Model validation was performed according to Sarma et al.16 using the ‘sub-sampling’ procedure in MaxEnt. About 75% of the parasites prevalence data were used for model calibration and the remaining 25% for model validation. Ten replicates were run and average AUC values for training and test datasets were calculated. Maximum iterations were set at 5000. Percent contribution (PC), permutation importance (PI) and jackknife procedures in MaxEnt were used to investigate the relative importance of different bioclimatic predictors. Sensitivity and specificity of infections were also measured. Sensitivity, which was also named the true positive rate, can measure the ability to correctly identify areas infected. Its value equals the rate of true positives and the sum value of true positives and false negatives. Specificity, which was also named the true negative rate, can measure the ability to correctly identify areas uninfected. Its value equals the rate of true negatives and the sum value of false positives and true negatives.

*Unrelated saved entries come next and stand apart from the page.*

Lemma ball_rowP z e y : ball z e y <-> 0 < e /\ forall i, `|z 0 i - y 0 i| < e.
Proof.
split=> [[e0 zy]|[e0 zy]]; split=> // i; first exact: zy.
by move=> j; rewrite (ord1 i); exact: zy.
Qed.

Lemma closed_ball_subset (S : set vec) r : closed [set z | ball z r `<=` S].
Proof.
rewrite -[X in closed X]setCK; apply: open_closedC; rewrite openE => z /=.
move=> /existsNP[y /not_implyP[zy Sy]].
have yz : nbhs z (ball y r).
  by apply: open_nbhs_nbhs; split; [exact: ball_open | exact: ball_sym].
have sub : ball y r `<=` ~` [set z | ball z r `<=` S].
  by move=> x yx xS; apply/Sy/xS/ball_sym.
exact: filterS sub yz.
Qed.

End Euclid.

Section Projection.
Variables (R : realType) (n : nat).
Local Notation vec := 'rV[R]_n.
Implicit Types (K F : set vec) (u v z : vec).

Lemma continuous_sqnorm_subl z : continuous (fun u : vec => sqnorm (z - u)).
Proof.
move=> u; apply: (continuous_comp (f := fun u => z - u)); last exact: continuous_sqnorm.
exact: cvgB (@cst_continuous _ _ z u) cvg_id.
Qed.

Lemma nearest_point_exists K z : closed K -> K !=set0 ->
  exists p, K p /\ forall q, K q -> sqnorm (z - p) <= sqnorm (z - q).
Proof.
move=> cK [q0 Kq0]; set c := sqnorm (z - q0).
pose K' := K `&` [set q | sqnorm (z - q) <= c].
have cK' : closed K'.
  apply: closedI => //.
  rewrite (_ : [set q | _] = (fun q => sqnorm (z - q)) @^-1` [set x | x <= c]) //.
  apply: preimage_closed; last exact: closed_le.
  by move=> u _; exact: continuous_sqnorm_subl.
pose I i := `[z 0 i - (1 + c), z 0 i + (1 + c)]%classic.
have K'I : K' `<=` [set q | forall i, I i (q 0 i)].
  move=> q [_ /= qc] i; rewrite /I /= in_itv /=.
  have := sqr_coord_le_sqnorm (z - q) i; rewrite !mxE => zqi.
  have c0 : 0 <= c := sqnorm_ge0 _.
  by apply/andP; split; nra.
have cpK' : compact K'.
  by apply: subclosed_compact cK' (rV_compact _) K'I => i; exact: segment_compact.
have [|p /set_mem[Kp pc] pmin] := compact_EVT_min _ cpK'
    (continuous_subspaceT (@continuous_sqnorm_subl z)).
  by exists q0; split => /=.
exists p; split => // q Kq; have [qc|/ltW qc] := leP (sqnorm (z - q)) c.
  by apply: pmin; rewrite inE.
exact: le_trans pc qc.
Qed.

Lemma projC_spec K z : closed K -> K !=set0 ->
  K (projC K z) /\ forall q, K q -> sqnorm (z - projC K z) <= sqnorm (z - q).
Proof. by move=> cK K0; apply: (xgetPex 0 (nearest_point_exists z cK K0)). Qed.

Lemma projC_normal K z : closed K -> K !=set0 ->
  (forall x y l, K x -> K y -> 0 <= l <= 1 -> K (x + l *: (y - x))) ->
  forall x, K x -> dotv (x - projC K z) (z - projC K z) <= 0.
Proof.
move=> cK K0 cvxK x Kx; have [Kp pmin] := projC_spec z cK K0.
set p := projC K z in Kp pmin *; set w := x - p; set v := z - p.
have H l : 0 <= l <= 1 -> 2 * l * dotv w v <= l ^+ 2 * sqnorm w.
  move=> l01; have := pmin _ (cvxK _ _ _ Kp Kx l01).
  rewrite (_ : z - (p + l *: w) = v - l *: w); last by rewrite opprD addrA.
  by rewrite -/v (sqnormB v) sqnormZ dotvZr (dotvC v w); lra.
rewrite leNgt; apply/negP => wv0.
have b0 : 0 <= sqnorm w := sqnorm_ge0 w.
set a := dotv w v in H wv0; set b := sqnorm w in H b0.
(* any [l] in [(0, 1]] with [l * b < 2 * a] contradicts [H] *)
have ab0 : 0 < a + b by lra.
set l := a / (a + b).
have la : l * (a + b) = a by rewrite mulfVK // gt_eqF.
have l0 : 0 < l by apply: divr_gt0.
have l1 : l <= 1 by rewrite ler_pdivrMr // mul1r; lra.
have /H : 0 <= l <= 1 by rewrite l1 ltW.
nra.
Qed.

End Projection.

Section ConeProjection.
Variables (R : realType) (n : nat).
Local Notation vec := 'rV[R]_n.
Implicit Types (K F : set vec) (u v z : vec).

Definition cone K := forall u t, K u -> 0 <= t -> K (t *: u).

Lemma cone0 K : K !=set0 -> cone K -> K 0.
Proof. by move=> [u Ku] coneK; rewrite -(scale0r u); apply: coneK. Qed.

Lemma coneI_orth K v : cone K -> cone (K `&` orth v).
Proof.
move=> coneK u t [Ku uv] t0; split; first exact: coneK.
by rewrite /orth /= dotvZl uv mulr0.
Qed.

Lemma closed_orth v : closed (orth v).
Proof.
rewrite (_ : orth v = (fun u => dotv u v) @^-1` [set 0]) //.
apply: preimage_closed; last exact: closed_eq.
by move=> u _; exact: continuous_dotvl.
Qed.

Section Moreau.
Variable K : set vec.
Hypotheses (cK : closed K) (K0 : K !=set0) (coneK : cone K).

(* [t |-> |z - t *: projC K z|^2] is minimal at [t = 1] on [t >= 0]. *)
Lemma dotv_projC z : dotv z (projC K z) = sqnorm (projC K z).
Proof.
have [Kp pmin] := projC_spec z cK K0; set p := projC K z in Kp pmin *.
have H t : 0 <= t -> - 2 * dotv z p + sqnorm p <= - 2 * t * dotv z p + t ^+ 2 * sqnorm p.
  by move=> t0; have := pmin _ (coneK Kp t0); rewrite !sqnormB sqnormZ dotvZr; lra.
have [p0|pn0] := eqVneq p 0; first by rewrite p0 dotv0r sqnorm0.
have b0 : 0 < sqnorm p by rewrite sqnorm_gt0.
have a0 : 0 <= dotv z p / sqnorm p by apply: divr_ge0; have := H 0 (lexx _); lra.
have := H _ a0; set t := dotv z p / sqnorm p => Ht.
have tb : t * sqnorm p = dotv z p by rewrite mulfVK // gt_eqF.
have : (dotv z p - sqnorm p) ^+ 2 <= 0 by nra.
by rewrite le_eqVlt ltNge sqr_ge0 orbF sqrf_eq0 subr_eq0 => /eqP.
Qed.

Lemma sqnorm_projC z : sqnorm (projC K z) = sqnorm z - sqnorm (z - projC K z).
Proof. by rewrite sqnormB dotv_projC; lra. Qed.

Lemma sqnorm_projC_le z : sqnorm (projC K z) <= sqnorm z.
Proof. by rewrite sqnorm_projC lerBlDr lerDl sqnorm_ge0. Qed.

Data were analysed using One-way analysis of variance (ANOVA), followed by Turkey’s test. All statistical analyses were performed using the Statistical Package for Social Sciences (SPSS) software (version 21.0 for Windows; SPSS Inc., Chicago, IL). Statistical significance was set at p<0.05. Map visualization were performed on DIVA-GIS 7.5.0 using grid file output of MaxEnt with the geographic area restricted Nigeria. Five classes of probabilities were given a specific colour for visual representation of model results ranging from low risk to high risk as follows: 0-0.10 (dark green), 0.10-0.20 (light green), 0.20-0.50 (yellow), 0.50-0.70 (orange) and 0.70-1.0 (red).
RESULTS
Spatial distribution of STH INFECTIONS in Nigeria: The average prevalence of A. lumbricoides, Hookworms and T. trichiura in Nigeria were 25.17, 16.86 and 9.74%, respectively, with A. lumbricoides having the highest average prevalence (Table 1).
| Table 1: | Mean Prevalence of A. lumbricoides, T. trichiura and Hookworms in Nigeria |
| NAD: No available data, *Significant at p<0.05, ns: Not significant at p>0.05 | |
These recorded occurrences of STH infections according to the states in Nigeria showed that for A. lumbricoides, Delta State (62.08%) had the highest infection followed by Oyo (55.50%) and Kano (44.40%). Meanwhile, it was observed that the prevalence of A. lumbricoides was generally high for most states in Southern part of Nigeria. Zamfara, Sokoto, Borno Sates and the Federal Capital Territory (FCT), Abuja had low prevalence values of below 3.0% while 14 states in the country had prevalence of below 20.0%.
For Hookworms, Akwa Ibom and Kano States had the highest average prevalence of 55.80% in the country. Delta, Oyo and Benue States had prevalence values of 38.08, 35.80 and 35.40%, respectively while 22 states in the country had prevalence of hookworm below 20.0% with Rivers State having the least prevalence of 2.70%.
Trichuris trichiura had the least average prevalence among the three STHs. Akwa Ibom State had the highest prevalence for this parasite with 40.40% followed by Lagos, Delta and Kwara States with prevalence values of 24.85, 24.05 and 23.37%, respectively. Other states in the Federation had prevalence values of less than 12% with FCT, Abuja and Borno State having the least prevalence of 0.80 and 0.90%, respectively.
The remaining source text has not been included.